Restate word for word the lines of the records below, starting at the line that contains "congruence contracts none" and ending at the line that contains "elim: q => [|q", with both of those lines included and nothing else.
─── INPUT DATA
(* For all $n\ge3$, the number $|\mathcal C_n^*|$ of essential lattice congruences of the weak order on $S_n$ satisfies $2^{2^{n-2}}\le|\mathcal C_n^*|\le 2^{2^n-2n}$. Since distinct congruences have distinct vertex sets, this is also the number $|\mathcal Q_n|$ of quotient graphs $Q_R$, $R\in\mathcal C_n^*$.
   Context: $S_n$ is the set of permutations of $[n]$ with the weak order (inclusion of inversion sets); a lattice congruence is an equivalence relation compatible with joins and meets. Fences. $]a,b[=\{a+1,\dots,b-1\}$. For $1\le a<b\le n$ and $L\subseteq\,]a,b[$, the fence $f(a,b,L)$ is the set of cover edges joining two permutations that differ by swapping adjacent entries $a,b$, with the values of $L$ to the left of $a,b$ and those of $]a,b[\setminus L$ to the right. Forcing order: $f(a,b,L)\prec f(c,d,M)$ iff $a\le c<d\le b$, $(a,b)\ne(c,d)$, $M=L\cap\,]c,d[$. Reading's theorem. Lattice congruences $R$ correspond bijectively to downsets $F_R$ of the forcing order; a cover edge joins $R$-equivalent permutations iff it lies in a fence of $F_R$. $R$ is essential if $F_R$ contains no fence $f(a,a+1,\emptyset)$; $\mathcal C_n^*$ is the set of essential lattice congruences. The quotient graph $Q_R$ is the undirected cover graph of the lattice quotient $S_n/R$ (vertices are the classes). *)

From mathcomp Require Import all_boot fingroup perm.
Set Implicit Arguments. Unset Strict Implicit. Unset Printing Implicit Defensive.

(* Permutations of [n] are encoded as w : {perm 'I_n}, with values 0..n-1
   (value v stands for v+1); the one-line notation is w 0, w 1, ..., w (n-1)
   (w maps positions to values). *)

Definition inv_set n (w : {perm 'I_n}) : {set 'I_n * 'I_n} :=
  [set p : 'I_n * 'I_n | (p.1 < p.2) && ((w^-1)%g p.2 < (w^-1)%g p.1)].

Definition weak_le n (u v : {perm 'I_n}) : bool := inv_set u \subset inv_set v.

Definition is_join n (x y j : {perm 'I_n}) : bool :=
  [&& weak_le x j, weak_le y j &
      [forall z, weak_le x z ==> weak_le y z ==> weak_le j z]].

Definition is_meet n (x y m : {perm 'I_n}) : bool :=
  [&& weak_le m x, weak_le m y &
      [forall z, weak_le z x ==> weak_le z y ==> weak_le z m]].

Definition relS n := {ffun {perm 'I_n} * {perm 'I_n} -> bool}.

Definition equivalence_rel n (R : relS n) : bool :=
  [&& [forall x, R (x, x)],
      [forall x, forall y, R (x, y) ==> R (y, x)] &
      [forall x, forall y, forall z, R (x, y) ==> R (y, z) ==> R (x, z)]].

Definition lattice_congruence n (R : relS n) : bool :=
  [&& equivalence_rel R,
      [forall x, forall y, forall z, forall j1, forall j2,
         R (x, y) ==> is_join x z j1 ==> is_join y z j2 ==> R (j1, j2)] &
      [forall x, forall y, forall z, forall m1, forall m2,
         R (x, y) ==> is_meet x z m1 ==> is_meet y z m2 ==> R (m1, m2)]].

(* Essential: F_R contains no fence f(a,a+1,emptyset), i.e. no cover edge
   swapping two adjacent entries with consecutive values a, a+1 joins
   R-equivalent permutations.  Swapping positions i, i+1 of w gives
   tperm i j * w (since (s * t) k = t (s k)). *)
Definition essential n (R : relS n) : bool :=
  [forall i : 'I_n, forall j : 'I_n, forall w : {perm 'I_n},
     ((val j == (val i).+1) &&
      ((val (w j) == (val (w i)).+1) || (val (w i) == (val (w j)).+1)))
     ==> ~~ R (w, (tperm i j * w)%g)].

Definition essential_congruences n : {set relS n} :=
  [set R : relS n | lattice_congruence R && essential R].

From mathcomp Require Import all_boot fingroup perm zify.
Set Implicit Arguments. Unset Strict Implicit. Unset Printing Implicit Defensive.

(* A lattice congruence of the weak order is determined by the
   join-irreducible cover relations it contracts; the join-irreducibles are the
   permutations v with a single descent, v covers exactly one permutation (swap
   the descent), and v is determined by the set of values before its descent,
   its first block.  First blocks are never initial segments, and an essential
   congruence contracts none of the n - 1 atoms, whose first blocks are
   {1, ..., b-1} u {b+1}.  So a congruence in C_n^* is determined by a subset of
   the remaining 2^n - 2n sets.

   For a family S of sets L of values strictly between 1 and n,
   merge w with w (1 n) whenever 1 stands immediately left of n in w and the
   values to their left form a set in S: this contracts exactly the fences
   f(1, n, L), L in S.  The relation is compatible with joins and meets, it is
   essential because 1 and n are not consecutive, and it determines S. *)

Notation pos w x := ((w^-1)%g x).

Lemma connect_sub_trans (T : finType) (e e' : rel T) :
  transitive e' -> subrel e e' -> forall x y, connect e x y -> (x == y) || e' x y.
Proof.
move=> tr sub x y /connectP [p]; elim: p x => [|z p IH] x /=; first by move=> _ ->; rewrite eqxx.
case/andP => /sub exz /IH {}IH /IH /orP [/eqP <- | ezy]; first by rewrite exz orbT.
by rewrite (tr _ _ _ exz ezy) orbT.
Qed.

Lemma exists_descent_nat (f : nat -> nat) p q :
  p <= q -> f q < f p -> exists2 r, p <= r < q & f r.+1 < f r.
Proof.
elim: q => [|q IH] pq fqp; first by move: pq fqp; rewrite leqn0 => /eqP ->; rewrite ltnn.
have {}pq : p <= q by rewrite leq_eqVlt in pq; case/orP: pq => [/eqP pq|//]; rewrite pq ltnn in fqp.
case: (ltnP (f q.+1) (f q)) => fq; first by exists q => //; rewrite pq ltnSn.
have [r /andP [pr rq] fr] := IH pq (leq_ltn_trans fq fqp).
by exists r => //; rewrite pr ltnS (ltnW rq).
Qed.

(** * The weak order *)

Section WeakOrder.
Variable n : nat.
Implicit Types (u v w x y z s : {perm 'I_n}) (a b c i j p q : 'I_n).

Lemma card_ltn_ord m : m <= n -> #|[set k : 'I_n | k < m]| = m.
Proof.
move=> mn; have -> : [set k : 'I_n | k < m] = widen_ord mn @: setT.
  apply/setP => k; rewrite inE; apply/idP/imsetP => [km | [l _ ->]]; last by rewrite /= ltn_ord.
  by exists (Ordinal km) => //; apply: val_inj.
by rewrite card_imset ?cardsT ?card_ord // => k l /(congr1 val) /= /val_inj.
Qed.

Lemma card_ltn_perm s a : #|[set b | s b < s a]| = s a.
Proof.
have -> : [set b | s b < s a] = s @^-1: [set k : 'I_n | k < s a] by apply/setP => b; rewrite !inE.
by rewrite card_preimset ?card_ltn_ord //; [apply: ltnW | apply: perm_inj].
Qed.

Lemma perm_order_inj s s' : (forall a b, (s a < s b) = (s' a < s' b)) -> s = s'.
Proof.
move=> E; apply/permP => a; apply: val_inj; rewrite /= -(card_ltn_perm s a) -(card_ltn_perm s' a).
by apply: eq_card => b; rewrite !inE E.
Qed.

Lemma perm_of_total_order (lt : rel 'I_n) :
  irreflexive lt -> transitive lt -> (forall a b, a != b -> lt a b || lt b a) ->
  exists s, forall a b, (s a < s b) = lt a b.
Proof.
move=> irr tr tot; pose rank a := #|[set b | lt b a]|.
have rank_lt a : rank a < n.
  rewrite -[n]card_ord -cardsT; apply: proper_card; rewrite properT.
  by apply/eqP => /setP /(_ a); rewrite !inE irr.
have rank_mono a b : lt a b -> rank a < rank b.
  move=> ab; apply: proper_card; apply/properP; split; last by exists a; rewrite !inE ?irr.
  by apply/subsetP => c; rewrite !inE => /tr; apply.
have rankE a b : (rank a < rank b) = lt a b.
  apply/idP/idP => [|/rank_mono //].
  case: (eqVneq a b) => [-> | /tot /orP [//|/rank_mono ba]]; first by rewrite ltnn.
  by rewrite ltnNge ltnW.
have rank_inj : injective (fun a => Ordinal (rank_lt a)).
  move=> a b /(congr1 val) /= ab; apply/eqP; apply: contraT => /tot.
  by rewrite -!rankE ab ltnn.
by exists (perm rank_inj) => a b; rewrite !permE /= rankE.
Qed.

Lemma eq_pos w a b : (pos w a == pos w b :> nat) = (a == b).
Proof. by rewrite val_eqE (inj_eq perm_inj). Qed.

Definition inversion w a b := (a < b) && (pos w b < pos w a).
Definition noninversion w a b := (a < b) && (pos w a < pos w b).

Lemma noninversionE w a b : a < b -> noninversion w a b = ~~ inversion w a b.
Proof.
by move=> ab; rewrite /noninversion /inversion ab /= -leqNgt ltn_neqAle eq_pos neq_ltn ab.
Qed.

Lemma weak_leP u v : reflect (forall a b, inversion u a b -> inversion v a b) (weak_le u v).
Proof.
apply: (iffP subsetP) => [uv a b | uv [a b]]; last by rewrite !inE; apply: uv.
by have := uv (a, b); rewrite !inE; apply.
Qed.

Lemma weak_le_noninvP u v :
  reflect (forall a b, noninversion v a b -> noninversion u a b) (weak_le u v).
Proof.
apply: (iffP (weak_leP u v)) => uv a b.
  move=> nv; have /andP [ab _] := nv; move: nv.
  by rewrite !noninversionE //; apply: contra; apply: uv.
move=> iu; have /andP [ab _] := iu; move: iu.
by apply: contraTT; rewrite -!noninversionE //; apply: uv.
Qed.

Lemma weak_le_refl u : weak_le u u.
Proof. exact: subxx. Qed.

Lemma weak_le_trans u v w : weak_le u v -> weak_le v w -> weak_le u w.
Proof. exact: subset_trans. Qed.
Lemma subset_star_trans (a b c : set nat) :
  subset_star a b -> subset_star b c -> subset_star a c.
Proof.
move=> fab fbc; apply: sub_finite_set (a `\` b `|` b `\` c) _ _; last by rewrite finite_setU.
by move=> x [ax ncx]; have [bx|nbx] := pselect (b x); [right|left].
Qed.

Lemma subset_star_image (f : nat -> nat) (a b : set nat) :
  subset_star a b -> subset_star (f @` a) (f @` b).
Proof.
move=> fab; apply: sub_finite_set (f @` (a `\` b)) _ (finite_image _ fab).
by move=> _ [[x ax <-] nfb]; exists x => //; split => // bx; apply: nfb; exists x.
Qed.

Lemma subset_star_infinite (a b : set nat) :
  subset_star a b -> infinite_set a -> infinite_set b.
Proof.
move=> fab ainf finb; apply: ainf; apply: sub_finite_set (a `\` b `|` b) _ _.
  by move=> x ax; have [bx|nbx] := pselect (b x); [right|left].
by rewrite finite_setU.
Qed.

Lemma subset_star_bigcap (T : eqType) (a : set nat) (q : T -> set nat) (s : seq T) :
  (forall t, t \in s -> subset_star a (q t)) ->
  subset_star a (\bigcap_(t in [set` s]) q t).
Proof.
move=> aq; apply: sub_finite_set (\bigcup_(t in [set` s]) (a `\` q t)) _ _.
  by move=> n [an /existsNP [t /not_implyP [st ntn]]]; exists t.
exact: bigcup_finite (finite_seq s) aq.
Qed.
Theorem lemma2 (R : realType) (dS : nat) (dB : nat -> nat)
  (H : forall N, 'M[R[i]]_(dS * dB N))
  (E : forall N, 'I_(dS * dB N) -> R)
  (v : forall N, 'I_(dS * dB N) -> 'cV[R[i]]_(dS * dB N))
  (rhoS : forall N : nat, 'M[R[i]]_dS) (rhoB : forall N, 'M[R[i]]_(dB N))
  (u : R) (Delta : nat -> R) (alpha : R) (gamma : R -> R) :
  (* Hamiltonian: Hermitian, orthonormal eigenbasis, non-degenerate spectrum *)
  (forall N, q_hermitian (H N)) ->
  (forall N, q_orthonormal_basis (v N)) ->
  (forall N j, H N *m v N j = (E N j)%:C *: v N j) ->
  (forall N, injective (E N)) ->
  (* product initial state of q_density operators *)
  (forall N, q_density (rhoS N)) ->
  (forall N, q_density (rhoB N)) ->
  (* widths Delta_N > 0 with Delta_N = O(N^alpha), 0 <= alpha < 1 *)
  (forall N, 0 < Delta N) ->
  0 <= alpha < 1 ->
  (exists c : R, exists N0 : nat, forall N, (N0 <= N)%N ->
      Delta N <= c * (N%:R `^ alpha)) ->
  (* nonempty energy shells *)
  (forall N, q_shell (E N) (u * N%:R) (Delta N) != finset.set0) ->
  (* (i) *)
  (forall eps : R, 0 < eps -> exists N0 : nat, forall N, (N0 <= N)%N ->
      complex.Re (\tr (q_P_out (v N) (q_shell (E N) (u * N%:R) (Delta N))
                        *m (tensmx (rhoS N) (rhoB N)))) < eps) ->
  (* (ii) weak ETH, with rate gamma eps *)
  (forall eps : R, 0 < eps -> 0 < gamma eps /\
    forall N,
      let M := q_shell (E N) (u * N%:R) (Delta N) in
      (#|M|%:R)^-1 *
        #|[set j in M | q_DS (q_ketbra (v N j) (v N j)) (q_rho_mc (v N) M) > eps]|%:R
      < expR (- (gamma eps * N%:R))) ->
  (* (iii) large effective dimension *)
  (forall eps epst : R, 0 < eps -> 0 < epst -> exists N0 : nat,
    forall N, (N0 <= N)%N ->
      let M := q_shell (E N) (u * N%:R) (Delta N) in
      q_Deff (v N) (tensmx (rhoS N) (rhoB N)) > #|M|%:R * expR (- (gamma eps * N%:R)) / epst) ->
  (* conclusion *)
  forall eps : R, 0 < eps -> exists N0 : nat, forall N, (N0 <= N)%N ->
    q_DS (q_diag_ens (v N) (tensmx (rhoS N) (rhoB N)))
       (q_rho_mc (v N) (q_shell (E N) (u * N%:R) (Delta N))) < eps.
Proof.
move=> _ hv _ _ hS hB _ _ _ hne hout hETH hDeff eps eps_gt0.
pose delta := eps / 4.
have delta_gt0 : 0 < delta by rewrite divr_gt0.
have [_ hETHd] := hETH delta delta_gt0.
have [N1 hN1] := hout delta delta_gt0.
have [N2 hN2] := hDeff delta (delta ^+ 2) delta_gt0 (exprn_gt0 2 delta_gt0).
exists (maxn N1 N2) => N; rewrite geq_max => /andP[/hN1 hPout /hN2 hD].
move: (hETHd N) hD => /= hcardB hD.
set M := q_shell _ _ _ in hPout hcardB hD *.
have M_gt0 : 0 < #|M|%:R :> R by rewrite ltr0n card_gt0 hne.
have hsmall :
    #|[set j in M | q_DS (q_ketbra (v N j) (v N j)) (q_rho_mc (v N) M) > delta]|%:R
    < delta ^+ 2 * q_Deff (v N) (rhoS N *t rhoB N).
  rewrite ltr_pdivrMl // in hcardB; apply: (lt_trans hcardB).
  by rewrite [ltRHS]mulrC -ltr_pdivrMr ?exprn_gt0.
apply: le_lt_trans (DS_diag_ens_rho_mc_le (hv N) (q_density_tens (hS N) (hB N))
  (hne N) delta_gt0 hPout hsmall) _.
by rewrite /delta; lra.
Qed.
──────
* OUTPUT OF THE EXERCISE:
   congruence contracts none of the n - 1 atoms, whose first blocks are
   {1, ..., b-1} u {b+1}.  So a congruence in C_n^* is determined by a subset of
   the remaining 2^n - 2n sets.

   For a family S of sets L of values strictly between 1 and n,
   merge w with w (1 n) whenever 1 stands immediately left of n in w and the
   values to their left form a set in S: this contracts exactly the fences
   f(1, n, L), L in S.  The relation is compatible with joins and meets, it is
   essential because 1 and n are not consecutive, and it determines S. *)

Notation pos w x := ((w^-1)%g x).

Lemma connect_sub_trans (T : finType) (e e' : rel T) :
  transitive e' -> subrel e e' -> forall x y, connect e x y -> (x == y) || e' x y.
Proof.
move=> tr sub x y /connectP [p]; elim: p x => [|z p IH] x /=; first by move=> _ ->; rewrite eqxx.
case/andP => /sub exz /IH {}IH /IH /orP [/eqP <- | ezy]; first by rewrite exz orbT.
by rewrite (tr _ _ _ exz ezy) orbT.
Qed.

Lemma exists_descent_nat (f : nat -> nat) p q :
  p <= q -> f q < f p -> exists2 r, p <= r < q & f r.+1 < f r.
Proof.
elim: q => [|q IH] pq fqp; first by move: pq fqp; rewrite leqn0 => /eqP ->; rewrite ltnn.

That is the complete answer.